----- EXTRACTED DATA

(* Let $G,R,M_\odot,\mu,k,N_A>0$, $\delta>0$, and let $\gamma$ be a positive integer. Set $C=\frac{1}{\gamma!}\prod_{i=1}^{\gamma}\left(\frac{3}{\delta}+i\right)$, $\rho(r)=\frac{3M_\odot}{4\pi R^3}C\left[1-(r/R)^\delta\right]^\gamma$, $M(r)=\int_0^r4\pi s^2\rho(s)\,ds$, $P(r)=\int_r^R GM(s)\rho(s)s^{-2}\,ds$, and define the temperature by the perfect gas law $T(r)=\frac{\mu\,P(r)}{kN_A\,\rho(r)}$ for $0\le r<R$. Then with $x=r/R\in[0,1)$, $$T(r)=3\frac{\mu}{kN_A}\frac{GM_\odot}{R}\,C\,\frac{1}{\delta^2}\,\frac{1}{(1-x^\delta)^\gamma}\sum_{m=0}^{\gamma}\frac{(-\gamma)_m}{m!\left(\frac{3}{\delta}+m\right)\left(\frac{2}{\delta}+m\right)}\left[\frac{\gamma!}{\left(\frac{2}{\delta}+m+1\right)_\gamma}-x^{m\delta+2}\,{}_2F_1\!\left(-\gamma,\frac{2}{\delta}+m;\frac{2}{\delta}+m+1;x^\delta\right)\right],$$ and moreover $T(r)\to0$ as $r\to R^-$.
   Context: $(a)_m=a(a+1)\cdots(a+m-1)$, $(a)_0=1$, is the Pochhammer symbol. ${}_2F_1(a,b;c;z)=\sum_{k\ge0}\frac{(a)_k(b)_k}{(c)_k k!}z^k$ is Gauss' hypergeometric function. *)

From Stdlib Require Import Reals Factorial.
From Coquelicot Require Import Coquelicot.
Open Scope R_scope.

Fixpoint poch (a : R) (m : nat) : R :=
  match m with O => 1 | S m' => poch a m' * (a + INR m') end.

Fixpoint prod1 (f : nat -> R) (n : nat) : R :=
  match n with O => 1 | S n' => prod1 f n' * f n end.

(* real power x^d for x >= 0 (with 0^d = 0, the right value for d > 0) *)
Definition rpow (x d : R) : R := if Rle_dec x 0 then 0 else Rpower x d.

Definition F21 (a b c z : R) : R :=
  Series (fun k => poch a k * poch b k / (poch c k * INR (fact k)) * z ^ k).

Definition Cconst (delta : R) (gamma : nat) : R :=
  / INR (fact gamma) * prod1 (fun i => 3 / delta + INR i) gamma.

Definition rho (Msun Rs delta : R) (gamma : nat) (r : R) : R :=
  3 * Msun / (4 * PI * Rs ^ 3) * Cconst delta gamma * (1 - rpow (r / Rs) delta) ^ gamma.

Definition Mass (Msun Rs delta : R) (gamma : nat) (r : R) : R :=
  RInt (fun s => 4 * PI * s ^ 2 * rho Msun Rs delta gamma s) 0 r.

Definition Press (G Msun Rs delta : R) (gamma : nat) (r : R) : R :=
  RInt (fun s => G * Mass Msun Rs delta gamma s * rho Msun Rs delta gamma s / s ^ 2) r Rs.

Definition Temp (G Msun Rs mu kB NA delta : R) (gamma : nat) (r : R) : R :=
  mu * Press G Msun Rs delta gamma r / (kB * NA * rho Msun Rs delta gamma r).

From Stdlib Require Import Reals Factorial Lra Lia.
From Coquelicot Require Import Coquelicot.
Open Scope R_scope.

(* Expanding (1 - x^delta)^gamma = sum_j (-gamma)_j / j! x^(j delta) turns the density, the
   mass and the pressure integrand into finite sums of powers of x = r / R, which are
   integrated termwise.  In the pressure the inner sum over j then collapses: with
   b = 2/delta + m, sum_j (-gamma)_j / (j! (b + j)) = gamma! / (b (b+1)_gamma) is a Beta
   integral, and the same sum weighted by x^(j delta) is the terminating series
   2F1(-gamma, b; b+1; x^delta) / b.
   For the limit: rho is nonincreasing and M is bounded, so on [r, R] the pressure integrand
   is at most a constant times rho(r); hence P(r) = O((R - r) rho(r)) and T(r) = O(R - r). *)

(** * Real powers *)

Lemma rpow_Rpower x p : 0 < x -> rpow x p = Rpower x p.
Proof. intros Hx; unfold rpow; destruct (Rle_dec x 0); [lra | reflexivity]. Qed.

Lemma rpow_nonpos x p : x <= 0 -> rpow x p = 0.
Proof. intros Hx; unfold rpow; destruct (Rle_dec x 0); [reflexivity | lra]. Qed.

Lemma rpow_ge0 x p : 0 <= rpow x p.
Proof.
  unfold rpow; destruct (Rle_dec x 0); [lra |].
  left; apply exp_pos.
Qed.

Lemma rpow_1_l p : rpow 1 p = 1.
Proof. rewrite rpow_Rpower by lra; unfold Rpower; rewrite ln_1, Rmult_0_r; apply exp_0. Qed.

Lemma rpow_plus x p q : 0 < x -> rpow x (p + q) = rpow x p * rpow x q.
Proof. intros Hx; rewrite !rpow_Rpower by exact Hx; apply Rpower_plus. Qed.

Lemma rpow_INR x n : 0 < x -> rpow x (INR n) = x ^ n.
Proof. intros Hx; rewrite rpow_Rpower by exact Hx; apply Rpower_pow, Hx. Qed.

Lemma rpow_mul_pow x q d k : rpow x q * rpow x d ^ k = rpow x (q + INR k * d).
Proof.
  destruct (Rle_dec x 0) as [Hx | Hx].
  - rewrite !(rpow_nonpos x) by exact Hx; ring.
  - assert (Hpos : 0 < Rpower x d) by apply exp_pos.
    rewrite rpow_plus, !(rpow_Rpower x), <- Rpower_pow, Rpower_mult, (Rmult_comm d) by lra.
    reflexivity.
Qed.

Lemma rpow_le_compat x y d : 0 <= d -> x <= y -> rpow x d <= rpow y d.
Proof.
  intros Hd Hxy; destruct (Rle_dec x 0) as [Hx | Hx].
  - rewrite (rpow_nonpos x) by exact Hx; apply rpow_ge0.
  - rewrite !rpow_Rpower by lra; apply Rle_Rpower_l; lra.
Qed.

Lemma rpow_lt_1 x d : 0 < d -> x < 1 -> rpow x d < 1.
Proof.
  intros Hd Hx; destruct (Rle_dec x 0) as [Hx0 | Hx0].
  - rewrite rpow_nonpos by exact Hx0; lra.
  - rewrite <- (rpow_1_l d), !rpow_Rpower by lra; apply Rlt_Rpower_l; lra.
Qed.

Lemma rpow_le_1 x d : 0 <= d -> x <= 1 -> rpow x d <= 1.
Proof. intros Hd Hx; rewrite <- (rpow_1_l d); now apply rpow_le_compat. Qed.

----------
----- EXTRACTED DATA

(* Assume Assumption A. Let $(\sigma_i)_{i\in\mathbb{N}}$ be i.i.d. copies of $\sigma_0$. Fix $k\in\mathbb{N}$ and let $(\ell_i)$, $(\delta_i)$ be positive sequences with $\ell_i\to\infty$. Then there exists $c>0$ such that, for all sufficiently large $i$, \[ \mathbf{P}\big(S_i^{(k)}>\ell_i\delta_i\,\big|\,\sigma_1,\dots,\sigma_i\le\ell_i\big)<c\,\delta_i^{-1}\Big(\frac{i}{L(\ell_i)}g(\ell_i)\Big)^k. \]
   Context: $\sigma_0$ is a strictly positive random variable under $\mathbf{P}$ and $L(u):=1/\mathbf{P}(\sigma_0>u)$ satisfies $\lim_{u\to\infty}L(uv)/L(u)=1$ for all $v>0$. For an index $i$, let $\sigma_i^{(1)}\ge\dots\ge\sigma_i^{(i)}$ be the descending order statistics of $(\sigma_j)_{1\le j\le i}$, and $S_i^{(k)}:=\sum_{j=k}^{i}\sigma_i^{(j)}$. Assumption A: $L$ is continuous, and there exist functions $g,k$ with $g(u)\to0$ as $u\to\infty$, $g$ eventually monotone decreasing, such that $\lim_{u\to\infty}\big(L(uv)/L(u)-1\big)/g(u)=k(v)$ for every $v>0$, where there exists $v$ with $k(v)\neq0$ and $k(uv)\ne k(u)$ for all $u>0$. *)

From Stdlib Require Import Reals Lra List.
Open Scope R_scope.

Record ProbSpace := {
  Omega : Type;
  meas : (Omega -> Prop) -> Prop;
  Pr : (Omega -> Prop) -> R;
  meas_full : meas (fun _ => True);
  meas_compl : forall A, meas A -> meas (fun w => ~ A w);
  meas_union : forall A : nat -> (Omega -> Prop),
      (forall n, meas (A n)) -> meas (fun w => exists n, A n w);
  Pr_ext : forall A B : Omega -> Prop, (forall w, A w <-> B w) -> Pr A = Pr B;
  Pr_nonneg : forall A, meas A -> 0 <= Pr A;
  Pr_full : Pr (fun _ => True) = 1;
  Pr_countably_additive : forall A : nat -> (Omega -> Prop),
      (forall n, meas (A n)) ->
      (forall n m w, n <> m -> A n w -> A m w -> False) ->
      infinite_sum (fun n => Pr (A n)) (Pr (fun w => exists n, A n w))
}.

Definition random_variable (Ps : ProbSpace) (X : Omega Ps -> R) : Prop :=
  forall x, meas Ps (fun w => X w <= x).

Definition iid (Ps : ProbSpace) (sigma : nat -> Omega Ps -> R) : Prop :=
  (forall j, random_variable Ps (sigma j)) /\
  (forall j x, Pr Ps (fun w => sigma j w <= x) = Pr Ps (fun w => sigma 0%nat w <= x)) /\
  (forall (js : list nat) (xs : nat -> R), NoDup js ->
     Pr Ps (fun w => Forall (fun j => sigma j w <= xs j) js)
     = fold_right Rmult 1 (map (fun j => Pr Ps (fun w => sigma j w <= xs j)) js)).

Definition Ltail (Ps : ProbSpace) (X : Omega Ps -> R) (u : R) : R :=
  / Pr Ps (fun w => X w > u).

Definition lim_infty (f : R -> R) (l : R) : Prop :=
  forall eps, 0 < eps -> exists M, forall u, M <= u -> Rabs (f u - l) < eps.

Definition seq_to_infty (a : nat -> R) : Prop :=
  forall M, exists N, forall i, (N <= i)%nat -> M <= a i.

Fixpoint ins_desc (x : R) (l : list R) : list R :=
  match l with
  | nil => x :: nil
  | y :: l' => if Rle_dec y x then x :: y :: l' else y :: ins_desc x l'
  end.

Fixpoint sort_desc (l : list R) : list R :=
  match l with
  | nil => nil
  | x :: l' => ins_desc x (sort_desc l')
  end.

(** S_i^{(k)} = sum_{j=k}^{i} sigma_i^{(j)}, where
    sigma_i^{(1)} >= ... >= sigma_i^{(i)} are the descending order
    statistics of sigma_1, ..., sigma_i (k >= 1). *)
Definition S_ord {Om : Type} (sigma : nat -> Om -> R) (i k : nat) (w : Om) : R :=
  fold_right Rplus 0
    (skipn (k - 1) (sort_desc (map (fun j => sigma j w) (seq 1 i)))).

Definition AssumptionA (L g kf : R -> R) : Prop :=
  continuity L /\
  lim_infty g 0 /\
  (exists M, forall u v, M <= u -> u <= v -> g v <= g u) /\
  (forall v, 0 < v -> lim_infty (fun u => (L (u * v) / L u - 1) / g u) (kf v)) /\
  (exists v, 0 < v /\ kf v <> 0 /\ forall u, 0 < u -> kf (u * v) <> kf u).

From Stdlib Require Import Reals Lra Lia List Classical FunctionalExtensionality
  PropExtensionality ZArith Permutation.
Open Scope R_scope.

----------

**REQUIREMENT**
Keep both end lines and retype everything in the records above from the line containing "Definition Temp (G" through the line containing "Lemma rpow_nonpos x", exactly, with nothing else.

**ANSWER BELOW**
Definition Temp (G Msun Rs mu kB NA delta : R) (gamma : nat) (r : R) : R :=
  mu * Press G Msun Rs delta gamma r / (kB * NA * rho Msun Rs delta gamma r).

From Stdlib Require Import Reals Factorial Lra Lia.
From Coquelicot Require Import Coquelicot.
Open Scope R_scope.

(* Expanding (1 - x^delta)^gamma = sum_j (-gamma)_j / j! x^(j delta) turns the density, the
   mass and the pressure integrand into finite sums of powers of x = r / R, which are
   integrated termwise.  In the pressure the inner sum over j then collapses: with
   b = 2/delta + m, sum_j (-gamma)_j / (j! (b + j)) = gamma! / (b (b+1)_gamma) is a Beta
   integral, and the same sum weighted by x^(j delta) is the terminating series
   2F1(-gamma, b; b+1; x^delta) / b.
   For the limit: rho is nonincreasing and M is bounded, so on [r, R] the pressure integrand
   is at most a constant times rho(r); hence P(r) = O((R - r) rho(r)) and T(r) = O(R - r). *)

(** * Real powers *)

Lemma rpow_Rpower x p : 0 < x -> rpow x p = Rpower x p.
Proof. intros Hx; unfold rpow; destruct (Rle_dec x 0); [lra | reflexivity]. Qed.

Lemma rpow_nonpos x p : x <= 0 -> rpow x p = 0.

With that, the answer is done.